On Apr 3, we issued an updated research report on Lincoln Electric Holdings Inc. LECO. Focus on acquisitions, innovative product launches and execution of the 2020 vision and strategy will drive the company’s growth. However, impact of the slowdown in industrial production and the coronavirus outbreak is likely to impact the near-term results. We believe Lincoln Electric’s cost management actions will help sustain margins in this backdrop.
Coronavirus Impact Dents Full-Year Outlook
The U.S.-China trade tensions and waning global demand has taken its toll on the U.S manufacturing sector. The U.S Purchasing Managers’ Index (PMI) as per the Institute for Supply Management remained below 50 (indicating contraction) for five months in a row till December. Although the index has climbed to 50.9 in January followed by 50.1 in February, it remains to be seen whether this recovery will sustain considering the coronavirus outbreak.

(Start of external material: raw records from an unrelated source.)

Lemma re_innerNr (x z : H) : re (inner H z (vopp H x)) = - re (inner H z x).
Proof. rewrite !(re_inner_sym z). apply re_innerNl. Qed.

Lemma re_innerZl (t : R) (x z : H) :
  re (inner H (vscal H (mkC t 0) x) z) = t * re (inner H x z).
Proof. rewrite innerZl. simpl. ring. Qed.

Lemma re_innerZr (t : R) (x z : H) :
  re (inner H z (vscal H (mkC t 0) x)) = t * re (inner H z x).
Proof. rewrite !(re_inner_sym z). apply re_innerZl. Qed.

Lemma vnorm2_ge0 (x : H) : 0 <= vnorm2 x.
Proof. apply inner_ge0. Qed.

Lemma vnorm2_0 : vnorm2 (vzero H) = 0.
Proof. apply re_inner0l. Qed.

Lemma vnorm2D (a b : H) : vnorm2 (vadd H a b) = vnorm2 a + vnorm2 b + 2 * re (inner H a b).
Proof. unfold vnorm2. rewrite re_innerDl, !re_innerDr, (re_inner_sym b a). ring. Qed.

Lemma vnorm2B (a b : H) : vnorm2 (vsub a b) = vnorm2 a + vnorm2 b - 2 * re (inner H a b).
Proof. unfold vsub. rewrite vnorm2D. unfold vnorm2. rewrite re_innerNr, re_innerNl, re_innerNr. ring. Qed.

Lemma parallelogram (a b : H) :
  vnorm2 (vadd H a b) + vnorm2 (vsub a b) = 2 * vnorm2 a + 2 * vnorm2 b.
Proof. rewrite vnorm2D, vnorm2B. ring. Qed.

Lemma vnorm2Z (t : R) (x : H) : vnorm2 (vscal H (mkC t 0) x) = t * t * vnorm2 x.
Proof. unfold vnorm2. rewrite re_innerZl, re_innerZr. ring. Qed.

Lemma unitary_vnorm2 (T : H -> H) (x : H) : unitary T -> vnorm2 (T x) = vnorm2 x.
Proof. intros [_ [I _]]. unfold vnorm2. rewrite I. reflexivity. Qed.

Lemma vnorm_le1 (x : H) : vnorm x <= 1 <-> vnorm2 x <= 1.
Proof.
  unfold vnorm. fold (vnorm2 x). pose proof (vnorm2_ge0 x) as Hx.
  pose proof (sqrt_sqrt _ Hx). pose proof (sqrt_pos (vnorm2 x)).
  split; intro h; [nra | rewrite <- sqrt_1; apply sqrt_le_1_alt, h].
Qed.
(* Let $(\mathbb{X},d,\mu)$ be a proper metric measure space satisfying the $\delta$-annular decay property for some $\delta\in(0,1]$ with constant $D_\delta\geq1$. Let $\varrho$ be a continuous admissible radius function in a bounded domain $\Omega\subset\mathbb{X}$. Then there is $C=C(D_\delta,\mu)>0$ such that for every compact $K\subset\Omega$ and all $x,y\in K$, $$\frac{\mu(B_x\triangle B_y)}{\max\{\mu(B_x),\mu(B_y)\}}\leq C\left(\frac{\widehat\omega_\varrho(d(x,y))}{\varrho_K}\right)^\delta.$$
   Context: A metric space is proper if closed bounded sets are compact. A metric measure space $(\mathbb{X},d,\mu)$ is a metric space with a positive Borel regular measure $\mu$ with $0<\mu(B)<\infty$ for every ball $B$. It satisfies the $\delta$-annular decay property if there is $D_\delta\ge1$ with $\mu(B(x,R)\setminus B(x,r))\leq D_\delta\left(\frac{R-r}{R}\right)^\delta\mu(B(x,R))$ for all $x$, $0<r\leq R$. An admissible radius function in $\Omega$ is $\varrho\in C(\overline\Omega)$, $\varrho\ge0$, with $0<\varrho(x)\leq\mathrm{dist}(x,\partial\Omega)$ for $x\in\Omega$ and $\varrho=0$ exactly on $\partial\Omega$. $\varrho_K=\inf_K\varrho$, $B_x=\overline{B}(x,\varrho(x))$, $A\triangle B=(A\setminus B)\cup(B\setminus A)$. A modulus of continuity is a nondecreasing continuous $\omega:[0,\mathrm{diam}\,\Omega]\to[0,\infty)$ with $\omega(0)=0$. Fix a concave modulus of continuity $\omega_{\varrho,\Omega}$ for $\varrho$ on $\Omega$ with $\omega_{\varrho,\Omega}(\mathrm{diam}\,\Omega)\le\mathrm{diam}\,\Omega$; set $\widehat\omega_\varrho(t)=t$ if $\omega_{\varrho,\Omega}(t)\le t$ for all $t\in[0,\mathrm{diam}\,\Omega]$, and otherwise $\widehat\omega_\varrho(t)=\frac{\mathrm{diam}\,\Omega}{\omega_{\varrho,\Omega}(\mathrm{diam}\,\Omega)}\omega_{\varrho,\Omega}(t)$. *)

From HB Require Import structures.
From mathcomp Require Import all_boot all_order all_algebra.
From mathcomp Require Import all_classical all_reals all_analysis.
Set Implicit Arguments. Unset Strict Implicit. Unset Printing Implicit Defensive.
Import Order.TTheory GRing.Theory Num.Theory numFieldNormedType.Exports.
Local Open Scope classical_set_scope.
Local Open Scope ring_scope.

Section MetricDefs.
Variables (X : Type) (R : realType) (d : X -> X -> R).

Definition is_metric : Prop :=
  [/\ forall x y, 0 <= d x y,
      forall x y, d x y = 0 <-> x = y,
      forall x y, d x y = d y x &
      forall x y z, d x z <= d x y + d y z].

Definition oball (x : X) (r : R) : set X := [set y | d x y < r].
Definition cball (x : X) (r : R) : set X := [set y | d x y <= r].
Lemma hess_fun_lower_at n (h : 'I_n -> nat) (j : 'I_n) :
  hess_fun h -> h j = j.+1 -> (forall l : 'I_n, (l < j)%N -> (h l <= j)%N) ->
  hess_fun (lower_at h j).
Proof.
move=> [hn hmono] hj hlow; split=> [l|l l']; rewrite /lower_at.
  by case: eqP => _; [exact: ltnW | exact: hn].
case: (eqVneq l j) => [->|lj]; case: (eqVneq l' j) => [->|l'j] //= ll'.
- by apply: leq_trans (hmono _ _ ll'); rewrite hj leqnSn.
- by apply: hlow; rewrite ltn_neqAle ll' andbT.
- exact: hmono.
Qed.

Lemma hess_space_lower_at_sub n (h : 'I_n -> nat) (j : 'I_n) :
  (j <= h j)%N -> (hess_space (lower_at h j) <= hess_space h)%VS.
Proof. by move=> jh; apply: hess_space_le => l; rewrite /lower_at; case: eqP => [->|]. Qed.

Lemma conjE1n_offdiag n (g : 'M[C]_n.+2) : g \in unitmx ->
  exists b, [/\ upper_trig b, b \in unitmx &
    forall r s, conjE1n (g *m b) r s != 0 -> (r != s) && (conjE1n g r s != 0)].
Proof.
(* g^-1 E_1n g = u v^T with u = g^-1 e_1 and v^T the last row of g.  If a is the last
   nonzero index of u and b is 1 with column a replaced by u, then b^-1 u = e_a and the
   new conjugate is e_a (v^T b), where (v^T b)_s = v_s for s <> a and (v^T b)_a = v^T u,
   the (n,1) entry of g g^-1 = 1, which is 0. *)
move=> gu; pose u r := invmx g r 0.
have [i0 ui0] : exists i0, u i0 != 0.
  apply/existsP; apply: contraT => /existsPn u0.
  have := congr1 (fun A : 'M_n.+2 => A 0 0) (mulmxV gu).
  rewrite !mxE eqxx big1 => [/eqP|m _]; first by rewrite eq_sym oner_eq0.
  by move/negPn/eqP: (u0 m); rewrite /u => ->; rewrite mulr0.
have [a ua amax] := @arg_maxnP _ i0 (fun r => u r != 0) val ui0.
pose b : 'M[C]_n.+2 := \matrix_(r, s) if s == a then u r else (r == s)%:R.
have ub : upper_trig b.
  move=> r s sr; rewrite mxE; case: eqP => [sa|_]; last by rewrite -val_eqE /= gtn_eqF.
  by apply/eqP; apply: contraTT sr => /amax; rewrite /= -sa leqNgt.
have bu : b \in unitmx.
  apply/(upper_trig_unitmxP ub) => i; rewrite mxE.
  by case: (eqVneq i a) => [->|_]; rewrite ?eqxx ?oner_neq0.
have inv_gb r : invmx (g *m b) r 0 = (r == a)%:R.
  have := congr1 (fun A : 'M_n.+2 => A r a) (mulVmx bu).
  by rewrite invmxM // !mxE => <-; apply: eq_bigr => k _; rewrite mxE eqxx.
have gb_max s : (g *m b) ord_max s = if s == a then 0 else g ord_max s.
  have -> : (g *m b) ord_max s =
      \sum_m g ord_max m * (if s == a then u m else (m == s)%:R).
    by rewrite mxE; apply: eq_bigr => m _; rewrite mxE.
  case: (eqVneq s a) => _ /=.
    have := congr1 (fun A : 'M_n.+2 => A ord_max 0) (mulmxV gu).
    by rewrite !mxE -val_eqE /=.
  by rewrite (bigD1 s) //= eqxx mulr1 big1 ?addr0 // => m /negPf->; rewrite mulr0.
exists b; split=> // r s; rewrite /conjE1n !E1nE !mulmx_delta_mxE inv_gb gb_max.
rewrite mulr_natl mulrb; case: (eqVneq r a) => [->|_]; last by rewrite eqxx.
case: (eqVneq s a) => [->|sa]; first by rewrite eqxx.
by move=> gs; rewrite (mulf_neq0 ua gs).
Qed.

Lemma E1n_equiv_lower_at n (h : 'I_n -> nat) (j : 'I_n) : (1 < n)%N -> h j = j.+1 ->
  E1n_equiv (hess_space (lower_at h j)) (hess_space h).
Proof.
case: n h j => [|[|n]] // h j _ hj F; split.
  by apply/X_subsetS/hess_space_lower_at_sub; rewrite hj.
case=> g [gu [Fg /hess_memP g0]]; have [b [ub bu supp]] := conjE1n_offdiag gu.
exists (g *m b); split; first by rewrite unitmx_mul gu.
split=> [k|]; first by rewrite flag_of_mulmx.
apply/hess_memP => r s; apply: contraTeq => /supp /andP[rs grs].
have rh : (r < h s)%N by rewrite ltnNge; apply: contra grs => /g0 ->.
rewrite /lower_at -ltnNge; case: eqP => [sj|_] //.
by subst s; rewrite ltn_neqAle -ltnS -hj rh andbT; exact: rs.
Qed.

Lemma minimal_hess_prev_gt n (h : 'I_n -> nat) (j : 'I_n) :
  hess_fun h -> minimal_hess (hess_space h) -> (1 < n)%N -> h j = j.+1 ->
  exists2 l : 'I_n, (l < j)%N & (j < h l)%N.
Proof.
move=> hf [_ hmin] n2 hj; apply/exists_inP; apply: contraT.
rewrite negb_exists_in => /forall_inP hlow; exfalso.
have jhj : (j <= h j)%N by rewrite hj.
apply: (hmin _ _ (hess_space_lower_at_sub jhj) _ (E1n_equiv_lower_at n2 hj)).
  exists (lower_at h j); split=> //.
  by apply: hess_fun_lower_at => // l /hlow; rewrite -leqNgt.
apply/eqP => Ehl; move: (delta_mx_hess_space h j j).
by rewrite -Ehl delta_mx_hess_space /lower_at eqxx hj ltnn ltnSn.
Qed.

Unset Implicit Arguments.
Set Strict Implicit.

Theorem mainTheorem7 (n : nat) (H H' : {vspace 'M[C]_n}) :
  is_hess_space H -> is_hess_space H' ->
  minimal_hess H -> minimal_hess H' ->
  (X_subset H H' <-> (H <= H')%VS).
Proof.
move=> [h [hf ->]] [h' [hf' ->]] hmin _; split; last exact: X_subsetS.
move=> Xs; have hle := X_subset_hess_le_or_drop hf.1 Xs.
apply: hess_space_le => j; case: (hle j) => [//|[n2 hj h'j]].
have [l lj jhl] := minimal_hess_prev_gt hf hmin n2 hj.
case: (hle l) => [hl|[_ hl _]]; last by move: jhl; rewrite hl ltnS leqNgt lj.
by have := leq_trans jhl (leq_trans hl (hf'.2 l j (ltnW lj))); rewrite h'j ltnn.
Qed.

Industrial stocks Caterpillar Inc. CAT, Terex Corporation TEX have been bearing the brunt of the overall slowdown in industrial production and Lincoln Electric has not been an exception to this trend either.
Volumes in the Americas Welding segment continue to remain challenged thanks to the overall slowdown in industrial production and lower capital spending for automation systems. In the International Welding segment, volumes continue to be impacted by declines in Asia Pacific and Europe, and lower global industrial production.
Also, pricing in the Americas Welding segment declined 1.2% and 1.7% in third-quarter and fourth-quarter 2019, respectively, highlighting the removal of surcharges in the U.S. business. The company anticipates pricing to be lower in first-half 2020.
The impact of the coronavirus outbreak also remains a concern. Factory closures in China will likely reflect of Lincoln Electric’s results in first-quarter 2020. The company also stands the risk of supply chain disruptions. Further, it is also weighing on customer confidence and might impact customer orders.
Cost Management to Buoy Margins
The company is focusing on cost management, which includes lower work hours, less overtime, suspension of new hiring and cutting down discretionary spending. The company is now planning to freeze senior management wages. Lincoln Electric anticipates annualized cost savings of $15-$18 million. This will start from second-quarter 2020 and major part of it will be realized in the back half of 2020.
Acquisitions, Innovation Remain Growth Drivers
In January 2019, Lincoln Electric acquired the soldering business of Worthington Industries. This broadened the Harris Products Group’s portfolio of industry-leading consumables with the addition of premium solders and fluxes. In April 2019, Lincoln Electric acquired Baker Industries to expand automation and additive strategies. Recently, the company acquired a controlling interest in Askaynak, a leading Turkish producer of welding consumables and equipment. The buyout advances the company's regional growth strategy in Europe, the Middle East and Africa.
Lincoln Electric’s product launches in the automation solutions market are likely to aid growth. The company is also preparing for the launch of its new additive services business, which will position it as a manufacturer of large scale 3D-printed metal spell parts, prototypes and tooling for industrial customers. This is likely to present ample prospects. It also continues to invest in long-term strategy for automation in support of its 2020 strategy initiatives.
The company launched its new state-of-the-art advanced technology solution center in Germany, which gives it an unprecedented commercial presence in the European market. This tech center will enable the company to showcase its latest technologies and welding consumables, equipment and automation.
Lincoln Electric’s shares have fallen 31.4% so far this year compared with the industry’s decline of 41%.
Zacks Rank & a Stock to Consider
Lincoln Electric currently carries a Zacks Rank #3 (Hold).
A better-ranked stock in the Industrial Products sector is Sharps Compliance Corp SMED which sports a Zacks Rank #1 (Strong Buy). You can see the complete list of today's Zacks #1 Rank stocks here.
Sharps Compliance has an estimated earnings growth rate of 800% for 2020. So far this year, the company’s shares have gained 72%.